What kind of problem are you solving ? Not all problems scale equally

How many cores do you have available ?

Is HyperThreading enabled ?

If you want i can send my project

ghorrocks · January 19, 2016, 16:59

Small meshes do not parallelise well. Some physical models can have problems in parallel: radiation modelling especially, but some multiphase models slow things down. Also lots of file IO from results files, monitor points or anything else will cause parallel problems.

Finally: The only part of the simulation which runs in parallel is the solver iterations.
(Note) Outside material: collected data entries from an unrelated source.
(* Let $k$ be a field and $\mathsf{E}$ a left strictly locally finite $k$-linear category. Then the class of right $\mathsf{E}$-modules isomorphic to $\Upsilon_{\mathsf{E}^{op}}(\mathcal{N})$ for some locally finite right $\mathcal{C}_\mathsf{E}$-comodule $\mathcal{N}$ is closed under extensions in the category of right $\mathsf{E}$-modules (and in the category of locally finite right $\mathsf{E}$-modules): if $0\to L\to M\to N\to0$ is a short exact sequence of right $\mathsf{E}$-modules and $L,N$ belong to this class, then so does $M$.
   Context: A small $k$-linear category $\mathsf{E}$ has $k$-vector spaces $\operatorname{Hom}_\mathsf{E}(x,y)$, $k$-bilinear associative composition and identities with $\mathrm{id}_x\ne0$. A right $\mathsf{E}$-module is a $k$-linear functor $\mathsf{E}^{op}\to k\text{-Vect}$ (action maps $\operatorname{Hom}_\mathsf{E}(x,y)\otimes_kN(y)\to N(x)$); locally finite if all values are finite-dimensional. Write $x\preceq y$ if there are $n\ge1$ and objects $x=z_0,\dots,z_n=y$ with $\operatorname{Hom}_\mathsf{E}(z_{i-1},z_i)\neq0$ for all $i$; $x\prec y$ means $x\preceq y$ and not $y\preceq x$. $\mathsf{E}$ is locally finite if all Hom spaces are finite-dimensional and every $\{z:x\preceq z\preceq y\}$ is finite; left strictly locally finite if moreover for every $y$ there is a finite set $X_y$ of objects with $x\prec y$ for $x\in X_y$ such that every $f:z\to y$ with $z\prec y$ equals $\sum_{i=1}^nh_ig_i$ ($n\ge0$) with $g_i:z\to x_i$, $h_i:x_i\to y$, $x_i\in X_y$. $\mathcal{C}_\mathsf{E}=\bigoplus_{x,y}\mathcal{C}^{x,y}$, $\mathcal{C}^{x,y}=\operatorname{Hom}_\mathsf{E}(x,y)^*$; counit zero on $\mathcal{C}^{x,y}$ for $x\ne y$, evaluation at $\mathrm{id}_x$ on $\mathcal{C}^{x,x}$; comultiplication $\mathcal{C}^{x,y}\to\bigoplus_z\mathcal{C}^{x,z}\otimes\mathcal{C}^{z,y}$ dual to composition $g\otimes h\mapsto hg$. For a right comodule $(\mathcal{N},\nu:\mathcal{N}\to\mathcal{N}\otimes\mathcal{C}_\mathsf{E})$, $\varphi\cdot n=(\mathrm{id}\otimes\varphi)\nu(n)$. With $e_x$ evaluation at $\mathrm{id}_x$ on $\mathcal{C}^{x,x}$ (zero elsewhere) and $\mathrm{ev}_f$, for $f\in\operatorname{Hom}_\mathsf{E}(x,y)$, evaluation at $f$ on $\mathcal{C}^{x,y}$ (zero elsewhere): $\Upsilon_{\mathsf{E}^{op}}(\mathcal{N})(x)=e_x\cdot\mathcal{N}$ and $f$ acts $e_y\cdot\mathcal{N}\to e_x\cdot\mathcal{N}$ by $n\mapsto\mathrm{ev}_f\cdot n$. $\mathcal{N}$ is locally finite if $\Upsilon_{\mathsf{E}^{op}}(\mathcal{N})$ is. *)

From HB Require Import structures.
From mathcomp Require Import all_boot all_algebra.
From Stdlib Require Import Relations.
From Stdlib Require List.

Set Implicit Arguments.
Unset Strict Implicit.
Unset Printing Implicit Defensive.

Import GRing.Theory.
Local Open Scope ring_scope.

(* [ccomp g h] is the composite  h g  of  g : x -> y  and  h : y -> z.       *)
Record kcat (k : fieldType) := KCat {
  cobj : Type;
  chom : cobj -> cobj -> lmodType k;
  ccomp : forall x y z, chom x y -> chom y z -> chom x z;
  cid : forall x, chom x x;
  comp_linl : forall x y z (h : chom y z) (a : k) (g1 g2 : chom x y),
      ccomp (a *: g1 + g2) h = a *: ccomp g1 h + ccomp g2 h;
  comp_linr : forall x y z (g : chom x y) (a : k) (h1 h2 : chom y z),
      ccomp g (a *: h1 + h2) = a *: ccomp g h1 + ccomp g h2;
  compA : forall w x y z (f : chom w x) (g : chom x y) (h : chom y z),
      ccomp (ccomp f g) h = ccomp f (ccomp g h);
  comp1f : forall x y (f : chom x y), ccomp (cid x) f = f;
  compf1 : forall x y (f : chom x y), ccomp f (cid y) = f;
  idm_neq0 : forall x, cid x != 0
}.
Arguments ccomp {k E x y z} : rename.
Arguments cid {k E} x : rename.
Arguments chom {k} E : rename.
Partitioning, initial condition interpolation, set up to begin and pack up to end (including writing the results files) are done serial. To get a good speed up you will need a simulation where the majority of the time is spent in the solver iterations.

metaliat93 · January 20, 2016, 02:17

Quote:

Originally Posted by ghorrocks

Small meshes do not parallelise well. Some physical models can have problems in parallel: radiation modelling especially, but some multiphase models slow things down. Also lots of file IO from results files, monitor points or anything else will cause parallel problems.

Finally: The only part of the simulation which runs in parallel is the solver iterations. Partitioning, initial condition interpolation, set up to begin and pack up to end (including writing the results files) are done serial. To get a good speed up you will need a simulation where the majority of the time is spent in the solver iterations.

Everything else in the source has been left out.